Старуха и слушать об этом не хотела. Она хотела посылать детей побираться и потому выгнала самого Пизонского и захлопнула у него перед носом дверь свою.
«Тягаться с нею судом, – подумал Пизонский, – долго, и денег у меня нет на то, да и пока велят ей отдать мне детей, она их непременно ослепит». Но расстаться с детьми и снова идти бог знает куда одному – Пизонскому теперь уже показалось невозможно, и он в течение следующей за сим ночи придумал нечто другое.
Глава шестая
Увидев у одного крестьянского половня лозовую плетушку, в которой носят мякину и ухоботье, Пизонский утащил ее за сарай, высыпал из нее вон ржаной колос, настлал на дно свежего сена и припрятал у Пустырихи на огороде. (Он сделал преступление – он украл плетушку.) Чуть только на другой день выглянуло на небе солнышко и Пустыриха, по заведенному порядку, тронулась с поводаркой в побор, Пизонский схватил оставшихся дома девочек, посадил их в плетушку, подцепил ее своим кушаком за плечи и с длинным костылем в руке зашагал своими длинными ногами к городу.
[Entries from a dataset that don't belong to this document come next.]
Lemma conv_neg_close L1 L2 phi psi xi R0 eps eta T :
  admissible sigma L1 phi -> admissible sigma L2 psi -> 0 <= R0 ->
  (forall y, - R0 <= y <= 0 -> Rabs (psi y - phi y) <= eps) ->
  (forall b b', T <= b -> b <= b' -> RInt J b b' <= eta) -> T <= xi + R0 ->
  Rabs (conv_neg J psi xi - conv_neg J phi xi) <= eps + eta.
Proof.
  intros Hphi Hpsi HR0 Hclose Htail HT.
  assert (Heps : 0 <= eps) by (eapply Rle_trans; [apply Rabs_pos | apply (Hclose 0); lra]).
  assert (Hd : forall y, continuous (fun y => psi y - phi y) y).
  { intros y. apply (continuous_minus psi phi); eapply admissible_continuous; eauto. }
  assert (Hexd : forall p q, ex_RInt (fun y => J (xi - y) * (psi y - phi y)) p q)
    by (intros; apply ex_RInt_continuous_R, continuous_kernel, Hd).
  apply (is_lim_minf_abs_le (fun a => RInt (fun y => J (xi - y) * psi y) a 0
                                      - RInt (fun y => J (xi - y) * phi y) a 0)).
  { apply is_lim_minus'; [exact (conv_neg_is_lim L2 psi xi Hpsi) |].
    exact (conv_neg_is_lim L1 phi xi Hphi). }
  exists (- R0). intros a Ha.
  assert (E : RInt (fun y => J (xi - y) * psi y) a 0 - RInt (fun y => J (xi - y) * phi y) a 0
              = RInt (fun y => J (xi - y) * (psi y - phi y)) a (- R0)
                + RInt (fun y => J (xi - y) * (psi y - phi y)) (- R0) 0 :> R).
  { rewrite <- RInt_Chasles_R by apply Hexd.
    rewrite <- (RInt_minus (fun y => J (xi - y) * psi y)) by
      (apply ex_RInt_continuous_R, continuous_kernel; eapply admissible_continuous; eauto).
    apply RInt_ext. intros x _. unfold minus, plus, opp; simpl. ring. }
  rewrite E.
  assert (Hfar : Rabs (RInt (fun y => J (xi - y) * (psi y - phi y)) a (- R0)) <= eta).
  { eapply Rle_trans; [apply (RInt_kernel_abs_le xi _ a (- R0) 1); [lra | apply Hd |] |].
    - intros y _. destruct Hphi as [_ [Hp _]]. destruct Hpsi as [_ [Hq _]].
      specialize (Hp y). specialize (Hq y). apply Rabs_le_between. lra.
    - rewrite Rmult_1_l. apply Htail; lra. }
  assert (Hnear : Rabs (RInt (fun y => J (xi - y) * (psi y - phi y)) (- R0) 0) <= eps).
  { eapply Rle_trans; [apply (RInt_kernel_abs_le xi _ (- R0) 0 eps); [lra | apply Hd | apply Hclose] |].
    rewrite <- (Rmult_1_r eps) at 2. apply Rmult_le_compat_l; [lra | apply RInt_J_le1; lra]. }
  eapply Rle_trans; [apply Rabs_triang | lra].
Qed.

Lemma conv_R_is_RInt_gen L phi x : admissible sigma L phi ->
  is_RInt_gen (fun y => J (x - y) * phi y) (Rbar_locally m_infty) (Rbar_locally p_infty)
    (conv_neg J phi x + sigma * a_fun J x).
Proof.
  intros Hphi. pose proof (admissible_continuous _ _ _ Hphi) as Hc.
  assert (Hex : forall p q, ex_RInt (fun y => J (x - y) * phi y) p q)
    by (intros; apply ex_RInt_continuous_R, continuous_kernel, Hc).
  refine (is_RInt_gen_Chasles _ 0 (conv_neg J phi x) (sigma * a_fun J x) _ _).
  - apply is_RInt_gen_minf_is_lim; [intros; apply Hex | exact (conv_neg_is_lim L phi x Hphi)].
  - apply is_RInt_gen_pinf_of_is_lim; [intros; apply Hex |].
    apply (is_lim_ext_loc (fun b => sigma * RInt J (x - b) x)).
    + exists 0. intros b Hb.
      transitivity (RInt (fun y => sigma * J (x - y)) 0 b).
      * rewrite (RInt_scal (fun y => J (x - y))) by apply ex_RInt_continuous_R, continuous_J_reflect.
        rewrite RInt_comp_reflect, Rminus_0_r by apply J_cont. reflexivity.
      * apply RInt_ext. intros y Hy. rewrite Rmin_left, Rmax_right in Hy by lra.
        destruct Hphi as [_ [_ Hs]]. rewrite Hs by lra. apply Rmult_comm.
    + apply (is_lim_scal_l _ sigma p_infty (a_fun J x)).
      apply (is_lim_comp (fun a => RInt J a x) (fun b => x - b) p_infty (a_fun J x) m_infty
               (a_fun_is_lim x)).
      * apply is_lim_spec. intros M. exists (x - M). intros b Hb. lra.
      * exists 0. intros b _. discriminate.
Qed.

End Kernel.




Lemma f_ratio_bounded (f : R -> R) : cond_f3 f ->
  exists g0, 0 <= g0 /\ forall u, 0 < u -> f u / u <= g0.
Proof.
  intros [g [[_ [Hlim _]] [Hf0 [_ [_ [Hg0 [_ Hrat]]]]]]].
  exists (g 0). split; [lra |]. intros u Hu.
  apply Rnot_lt_le. intros Hlt.
  set (eps := f u / u - g 0).
  assert (He : 0 < eps) by (unfold eps; lra).
  destruct (Hlim (ball (g 0) (mkposreal eps He)) (locally_ball _ _)) as [del Hdel].
  set (y := Rmin (del / 2) u).
  assert (Hy : 0 < y /\ y <= u /\ y <= del / 2).
  { unfold y. generalize (Rmin_l (del / 2) u) (Rmin_r (del / 2) u) (cond_pos del). intros.
    split; [apply Rmin_pos; lra | lra]. }
  assert (Hball : ball 0 del y).
  { change (Rabs (y - 0) < del). rewrite Rminus_0_r, Rabs_right by lra.
    generalize (cond_pos del). lra. }
  specialize (Hdel y Hball (proj1 Hy)). change (Rabs ((f y - f 0) / y - g 0) < eps) in Hdel.
  rewrite Hf0, Rminus_0_r in Hdel.
  specialize (Hrat y u (proj1 Hy) (proj1 (proj2 Hy))).
  apply Rabs_lt_between' in Hdel. unfold eps in *. lra.
Qed.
Боязнь погони и страх за участь детей, которые, как неоперившиеся птички, спали, свернувшись, в плетушке за его плечами, так гнали Пизонского, что он не отдыхая отмахал в летний день шестьдесят верст и вечером стал в Старый Город. Здесь ему не было места одному, и сюда он теперь являлся еще с двумя взятыми на свое попечение детьми.
Всякий имел полное основание назвать этого человека дураком.
– Что-то он теперь будет делать? Куда он с ними поденется?
– Дурак!
Глава седьмая
Качаясь за спиною Пизонского, обе путешествовавшие в плетушке сиротки спали целый день; но вечерняя прохлада разбудила их, и они начали с холоду ежиться и попискивать. Но это уж было у пристани. Пизонский в это время уже свернул в сторону в подгородние конопляники. Здесь он взял обеих девочек под мышки, вытряс на землю бывшее на дне плетушки сено, уложил на него детей, сел над ними на корточки, как наседка, и, подобрав их под грудь, в течение всей короткой ночи согревал их животною теплотою собственного тела и сам плакал… сладко плакал от счастья.
«Чего мне! – думал он, – и за что такая радость! Ты, господь, хотел собрать детей Иерусалима, как кокош собирает птенцы, а они не захотели… они тебя огорчили, – они не пошли, а мои пришли ко мне… я их унес… украл… Я их грею… Господи! прости мне, что я их украл!.. Дай мне укрыть их от зла… и прости мне… прости, сделай милость, что я также украл и плетушку!»
И он всхлипнул, окончив эту молитву, и тут же уснул, согревая под грудью своею крепко спавших сироток.
Рослая конопля закрывала это гнездо так, что его можно было видеть только с неба.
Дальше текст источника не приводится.